Over-promised, under-delivered

Overall, “the inflated promises of XR haven’t matched up to the practical realities,” the report concluded, adding that “you can’t just hand employees a device and expect success; you must invest upfront to design a workflow.”

Forrester predicts that 2023 will be a “metaverse winter” that cools overheated expectations, and it will be a decade-long effort before the promise of the metaverse is realized. The metaverse “doesn’t exist today,” the report noted, even though it was a hot topic in 2021 and 2022.

At a more practical level, XR deployments often require companies to reengineer the entire workflow, necessitating journey mapping, lots of piloting and investments in training, which leaders sometimes consider risky, said Forrester.

Other reasons for the lack of interest in XR include:

  • Major vendors such as Meta and Microsoft have backtracked or reoriented their strategies.
  • Pragmatic alternatives haven’t made significant inroads.
  • Interest catalyzed by the COVID-19 pandemic stalled.

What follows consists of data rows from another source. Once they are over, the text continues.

(* Let $m\ge 2$ be an integer and let $\mathcal{A}\subset\mathbb{R}$ be a finite alphabet. Let $(X^{(j)}_i)_{i\ge 1,\,1\le j\le m}$ be independent and identically distributed random variables with values in $\mathcal{A}$. Let $S:\mathcal{A}^m\to[0,\infty)$ be a function that is not identically zero, is invariant under permutations of its $m$ arguments, satisfies $s^*:=\sup_{x\in\mathcal{A}^m}S(x)<\infty$, and for which there is a constant $D>0$ such that $|S(x)-S(y)|\le D$ whenever $x,y\in\mathcal{A}^m$ differ in at most one coordinate. For $N\in\mathbb{N}$ let $L_N$ be the optimal alignment score of the $m$ words $X^{(j)}_1\cdots X^{(j)}_N$, $j=1,\dots,m$. Then for every $n\in\mathbb{N}$ and every $x>0$, $$\mathbb{P}\big(L_{m^2n}\ge m^2x\big)\le 2^{-m}m^{4m}n^{2m}\Big(\mathbb{P}\big(L_{mn}\ge m(x-s^* )\big)\Big)^{1/m}.$$
   Context: Alignments and optimal score: for finite words $w^{(1)},\dots,w^{(m)}$ over $\mathcal{A}$ of lengths $\ell_1,\dots,\ell_m$, an alignment is a choice of an integer $k\ge 0$ and, for each $j$, indices $1\le \pi^{(j)}_1<\cdots<\pi^{(j)}_k\le \ell_j$; its score is $\sum_{i=1}^k S(w^{(1)}_{\pi^{(1)}_i},\dots,w^{(m)}_{\pi^{(m)}_i})$. The optimal score $L(w^{(1)};\dots;w^{(m)})$ is the maximum score over all alignments. *)

From HB Require Import structures.
From mathcomp Require Import all_boot all_order all_algebra all_fingroup finmap.
From mathcomp Require Import all_classical all_reals all_analysis.
Set Implicit Arguments. Unset Strict Implicit. Unset Printing Implicit Defensive.
Import Order.TTheory GRing.Theory Num.Theory.
Local Open Scope ring_scope.

Section Align.
Variables (R : realType) (A : finType) (m : nat).

Definition words (N : nat) := {ffun 'I_m -> {ffun 'I_N -> A}}.

Definition is_alignment (N k : nat) (pi : {ffun 'I_m -> {ffun 'I_k -> 'I_N}}) : bool :=
  [forall j, forall i1 : 'I_k, forall i2 : 'I_k, (i1 < i2)%N ==> (pi j i1 < pi j i2)%N].

Definition align_score (S : {ffun 'I_m -> A} -> R) (N k : nat) (w : words N)
  (pi : {ffun 'I_m -> {ffun 'I_k -> 'I_N}}) : R :=
  \sum_(i < k) S [ffun j => w j (pi j i)].

(* optimal score: maximum over all alignments (any alignment has k <= N;
   k = 0 gives score 0, so 0 is a correct default for the max) *)
Definition opt_score (S : {ffun 'I_m -> A} -> R) (N : nat) (w : words N) : R :=
  \big[Num.max/0]_(k < N.+1)
     \big[Num.max/0]_(pi : {ffun 'I_m -> {ffun 'I_k -> 'I_N}} | is_alignment pi)
        align_score S w pi.

(* P(L_N >= t) when all letters X^(j)_i are i.i.d. with law p on A:
   the law of (X^(j)_i)_{i<=N, j<=m} is the product measure. *)
Definition prob_L_ge (p : A -> R) (S : {ffun 'I_m -> A} -> R) (N : nat) (t : R) : R :=
  \sum_(w : words N | t <= opt_score S w) \prod_(j < m) \prod_(i < N) p (w j i).

Definition smax (S : {ffun 'I_m -> A} -> R) : R := \big[Num.max/0]_x S x.

End Align.

From HB Require Import structures.
From mathcomp Require Import all_boot all_order all_algebra all_fingroup finmap.
From mathcomp Require Import all_classical all_reals all_analysis.
From mathcomp Require Import lra zify.
From Stdlib Require Import Lia.
Set Implicit Arguments. Unset Strict Implicit. Unset Printing Implicit Defensive.
Import Order.TTheory GRing.Theory Num.Theory.
Local Open Scope ring_scope.

(* An alignment of score at least m^2 x of the words of length m^2 n, cut greedily
   into consecutive pieces, contains a piece of score at least x - smax S whose
   columns lie in a box with side lengths summing to at most mn: every piece that
   does not fit into such a box uses up more than mn of the fewer than m^2 (mn + 1)
   available positions. A union bound over the at most (m^2 n)^m (mn)^m boxes
   leaves the probability that a fixed box carries score x - smax S. Its m-th power
   is the probability that m independent copies of the box all do; placing the
   contents of copy r in word j at coordinate j + r mod m and concatenating the
   copies gives, by symmetry of S, m words of length at most mn aligned with score
   at least m (x - smax S). *)

Section ProductWeight.
Variables (R : realType) (A : finType) (p : A -> R).

Definition weight (X : finType) (u : {ffun X -> A}) : R := \prod_x p (u x).

Lemma prod_over_image (X Y : finType) (g : Y -> X) (g_inj : injective g)
    (F : X -> Y -> R) :
  \prod_x (if [pick y | g y == x] is Some y then F x y else 1) = \prod_y F (g y) y.
Proof.
rewrite (bigID (fun x => x \in codom g)) /=.
rewrite [X in _ * X]big1 ?mulr1; last first.
  move=> x xn; case: pickP => // y /eqP gy; case/negP: xn; rewrite -gy; exact: codom_f.
rewrite -big_uniq /=; last by rewrite map_inj_uniq ?enum_uniq.
rewrite big_image /=; apply: eq_bigr => y _.
by case: pickP => [y' /eqP /g_inj -> //|/(_ y)]; rewrite eqxx.
Qed.

Lemma prod_nat_eq_ffun (Y : finType) (f g : Y -> A) :
  \prod_y ((f y == g y)%:R : R) = ([ffun y => f y] == [ffun y => g y])%:R.
Proof.
case: eqP => [/ffunP fg|fg].
  by apply: big1 => y _; have := fg y; rewrite !ffunE => ->; rewrite eqxx.
have [y fgy] : exists y, f y != g y.
  apply/existsP; rewrite -negb_forall; apply/negP => /forallP fg'; apply: fg.
  by apply/ffunP => y; rewrite !ffunE; apply/eqP; move: (fg' y); case: eqP.
by rewrite (bigD1 y) //= (negbTE fgy) mul0r.
Qed.
Lemma envelope_in01 (A : set T) (f d : T -> R) (s c : R) :
  (forall a, 0 <= f a <= 1) -> (forall a, 0 <= d a) -> 0 <= s ->
  envelope A f d s c -> 0 <= c <= 1.
Proof.
move=> f01 d0 s0 [_ up low]; apply/andP; split.
- apply/ler_addgt0Pr => e /up [u _ h].
  have := f01 u; have := mulr_ge0 s0 (d0 u); move=> h1 /andP[h2 _]; lra.
- apply/ler_addgt0Pr => e /low [v _ h].
  have := f01 v; have := mulr_ge0 s0 (d0 v); move=> h1 /andP[_ h2]; lra.
Qed.

Lemma envelope_le (A : set T) (f d d' : T -> R) (s t l dl c e : R) :
  0 <= t -> 0 <= s -> s <= l -> 0 <= dl ->
  (forall a, A a -> [/\ 0 <= d a, 0 <= d' a, d a <= d' a + dl & d' a <= d a + dl]) ->
  envelope A f d s c -> envelope A f d' t e -> e - c <= l * dl.
Proof.
move=> t0 s0 sl dl0 close [cone_c up_c _] [cone_e _ low_e].
rewrite leNgt; apply/negP => gap.
have [g gE] : exists g, g = e - c - l * dl by eexists.
have g2 : 0 < g / 2 by rewrite divr_gt0 //; lra.
have half : g / 2 + g / 2 = g by rewrite -splitr.
have sdl : s * dl <= l * dl by rewrite ler_wpM2r.
have t_lt_s : t < s.
  have [v Av hv] := low_e _ g2.
  have /andP[hc _] := cone_c v Av.
  have [_ d'v0 dv _] := close v Av.
  rewrite ltNge; apply/negP => st.
  have : s * d v <= s * d' v + s * dl by rewrite -mulrDr ler_wpM2l.
  have : s * d' v <= t * d' v by rewrite ler_wpM2r.
  lra.
have [u Au hu] := up_c _ g2.
have /andP[_ he] := cone_e u Au.
have [du0 _ _ d'u] := close u Au.
have : t * d' u <= t * d u + t * dl by rewrite -mulrDr ler_wpM2l.
have : t * d u <= s * d u by rewrite ler_wpM2r // ltW.
have : t * dl <= s * dl by rewrite ler_wpM2r // ltW.
lra.
Qed.

Lemma envelope_lipschitz (A : set T) (f d d' : T -> R) (s t l dl c e : R) :
  0 <= t -> 0 <= s -> s <= l -> 0 <= dl ->
  (forall a, A a -> [/\ 0 <= d a, 0 <= d' a, d a <= d' a + dl & d' a <= d a + dl]) ->
  envelope A f d s c -> envelope A f d' t e -> `|c - e| <= l * dl.
Proof.
move=> t0 s0 sl dl0 close env_c env_e.
have h1 := envelope_le t0 s0 sl dl0 close env_c env_e.
have h2 := envelope_le t0 s0 sl dl0 close (envelope_opp env_c) (envelope_opp env_e).
by rewrite ler_norml; apply/andP; split; lra.
Qed.

End Envelope.

Section PMSE.
Variables (R : realType) (T : Type) (rho : T -> T -> R) (beta : R).
Variables (A : set T) (f : T -> R).
Hypotheses (rho_metric : is_metric rho) (beta_gt0 : 0 < beta) (beta_le1 : beta <= 1).

Local Notation d x a := (rho x a `^ beta).

Lemma rho_gt0 u v : u <> v -> 0 < rho u v.
Proof.
case: rho_metric => r0 req _ _ uv.
by rewrite lt_neqAle r0 andbT eq_sym; apply/eqP => /req.
Qed.

Lemma dist_gt0 x a : a <> x -> 0 < d x a.
Proof. by move=> ax; apply/powR_gt0/rho_gt0 => xa; apply: ax. Qed.

Lemma dist_self x : d x x = 0.
Proof. by case: rho_metric => _ req _ _; rewrite (proj2 (req x x)) // powR0 ?gt_eqF. Qed.

Lemma dist_sym x y : d x y = d y x.
Proof. by case: rho_metric => _ _ rsym _; rewrite rsym. Qed.

Lemma dist_triangle x y a : d x a <= d x y + d y a.
Proof.
case: rho_metric => r0 _ _ rtri.
apply: le_trans (powR_subadditive (r0 x y) (r0 y a) beta_gt0 beta_le1).
by apply: ge0_ler_powR; rewrite ?nnegrE ?addr_ge0 ?(ltW beta_gt0).
Qed.

Lemma adm_den_gt0 x u v : ~ (u = x /\ v = x) -> 0 < d x v + d x u.
Proof.
move=> nz; have [ux|ux] := pselect (u = x).
  by rewrite ltr_pwDl ?powR_ge0 // dist_gt0 // => vx; apply: nz.
by rewrite ltr_pwDr ?powR_ge0 // dist_gt0.
Qed.

Lemma Lambda_ge0 (g : T -> R) x y : y <> x -> (0 <= Lambda rho beta g x)%E.
Proof.
move=> yx; apply: le_trans (_ : ((`|g x - g y| / d x y)%:E <= _)%E).
  by rewrite lee_fin divr_ge0 ?powR_ge0.
by apply: ereal_sup_ubound; exists y.
Qed.

Lemma Lambda_fin_bound (g : T -> R) x l :
  Lambda rho beta g x = l%:E -> forall a, `|g x - g a| <= l * d x a.
Proof.
move=> EL a; have [->|ax] := pselect (a = x).
  by rewrite subrr normr0 dist_self mulr0.
have : ((`|g x - g a| / d x a)%:E <= l%:E)%E.
  by rewrite -EL; apply: ereal_sup_ubound; exists a.
by rewrite lee_fin ler_pdivrMr // dist_gt0.
Qed.

Lemma Rstar_le_Lambda x : (Rstar rho beta f A x <= Lambda rho beta f x)%E.
Proof.
apply: ge_ereal_sup => _ [[u v] [_ [_ nz]] <-] /=.
have [w wx] : exists w, w <> x.
  by have [ux|ux] := pselect (u = x); [exists v => vx; apply: nz | exists u].
have := Lambda_ge0 f wx.
case EL: (Lambda rho beta f x) => [l| |] // _; last by rewrite leey.
have bound := Lambda_fin_bound EL.
rewrite lee_fin /Rx ler_pdivrMr ?adm_den_gt0 // mulrDr.
have := bound u; have := bound v.
have := ler_norm (f x - f u); rewrite (distrC (f x) (f v)).
have := ler_norm (f v - f x); lra.
Qed.

Lemma pmse_eq x (c : R) :
  (forall r, is_pmse rho beta f A x r <-> r = c) -> pmse rho beta f A x = c.
Proof. by move=> E; apply: xget_unique; [apply/E | move=> r /E]. Qed.

Lemma is_pmse_const x a0 r : constant_on f A -> A a0 ->
  is_pmse rho beta f A x r <-> r = f a0.
Proof.
move=> cst Aa0; split.
- by case=> [[_ [a [Aa ->]]]|[nc _]]; [exact: cst | contradiction].
- by move=> ->; left; split => //; exists a0.
Qed.

Section NonConstant.
Hypotheses (f01 : forall x, 0 <= f x <= 1) (f_nonconst : ~ constant_on f A).
Hypotheses (holder_fin : (holder_seminorm rho beta f A < +oo)%E)
           (diam_fin : (diam rho A < +oo)%E).

Lemma nonconst_pair : exists u0 v0, [/\ A u0, A v0 & f u0 < f v0].
Proof.
apply: contra_notP f_nonconst => none u v Au Av.
apply/eqP; rewrite eq_le; apply/andP; split; rewrite leNgt; apply/negP => h.
- by apply: none; exists v, u.
- by apply: none; exists u, v.
Qed.

Lemma Rx_bounded x : exists H, forall u v,
  adm_pair A x (u, v) -> Rx rho beta f x u v <= H.
Proof.
have [M M0 hM] := ereal_lt_pinfty_bound holder_fin.
exists M => u v [/= Au [Av nz]].
rewrite /Rx ler_pdivrMr ?adm_den_gt0 //.
have [<-|uv] := pselect (u = v).
  by rewrite subrr mulr_ge0 // addr_ge0 ?powR_ge0.
have : ((`|f u - f v| / d u v)%:E <= M%:E)%E.
  by apply: le_trans hM; apply: ereal_sup_ubound; exists (u, v).
have duv : 0 < d u v by apply: dist_gt0 => vu; apply: uv.
rewrite lee_fin ler_pdivrMr // => hf.
have : M * d u v <= M * (d x v + d x u).
  by rewrite ler_wpM2l // addrC (dist_sym x u) dist_triangle.
have := ler_norm (f v - f u); rewrite distrC; lra.
Qed.

Lemma Rstar_fin x : exists2 s : R, Rstar rho beta f A x = s%:E & 0 < s.
Proof.
have [H hH] := Rx_bounded x.
have [u0 [v0 [Au0 Av0 fuv]]] := nonconst_pair.
have nz : ~ (u0 = x /\ v0 = x) by case=> eu ev; move: fuv; rewrite eu ev ltxx.
have lb : ((Rx rho beta f x u0 v0)%:E <= Rstar rho beta f A x)%E.
  by apply: ereal_sup_ubound; exists (u0, v0).
have ub : (Rstar rho beta f A x <= H%:E)%E.
  by apply: ge_ereal_sup => _ [[u v] adm <-]; rewrite lee_fin; apply: hH.
have R0 : 0 < Rx rho beta f x u0 v0 by rewrite divr_gt0 ?subr_gt0 ?adm_den_gt0.
move: lb ub; case: (Rstar rho beta f A x) => [s| |] //.
by rewrite lee_fin => lb _; exists s => //; apply: lt_le_trans lb.
Qed.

Tips for making XR, metaverse investments successful

Despite the discouraging comments and lack of enthusiasm, the survey found that business leaders are planning to invest in XR and the metaverse, along with other emerging technologies, as part of their digital transformation efforts. Thirty-one percent of interviewees said they planned to invest in AR or VR; however, they cited other technologies as being of greater interest: Internet of Things (47%), AI/ML (45%) and 5G (40%).

Create a solid business case for XR

For those who want to make XR and the metaverse a successful part of their future of work strategy, there are several considerations. It starts with a solid business case that is “pragmatic, specific, and humanized” to solve a concrete problem, the report said.

“I’d say don’t lead with XR specifically; it’s not a great idea to say, ‘We want to use technology X, but we don’t know how to use it,'” said J.P. Gownder, a vice president and principal analyst at Forrester. “Instead, focus on employee problems. If XR will solve those problems, you can slot it in.”

Focus on mature use cases

Today, the main mature use cases will either be VR-based training, onboarding and learning, or AR-based remote assistance for field workers, Gownder said.

Train employees

If you decide that XR offerings may be useful, it is critical that IT familiarize employees with their usage. One company official told Gownder they spend 20 minutes teaching employees about a VR device they use for training, allowing them to master use of the device before they even start their training.

“An ongoing training and change management program can help employees of different ages and digital maturity understand the value of their device, why they will benefit from using it, and how to master its features,” he said.

This might not always be a one-and-done, Gownder added. It might require some employees to master basic skills before they ever touch an XR device.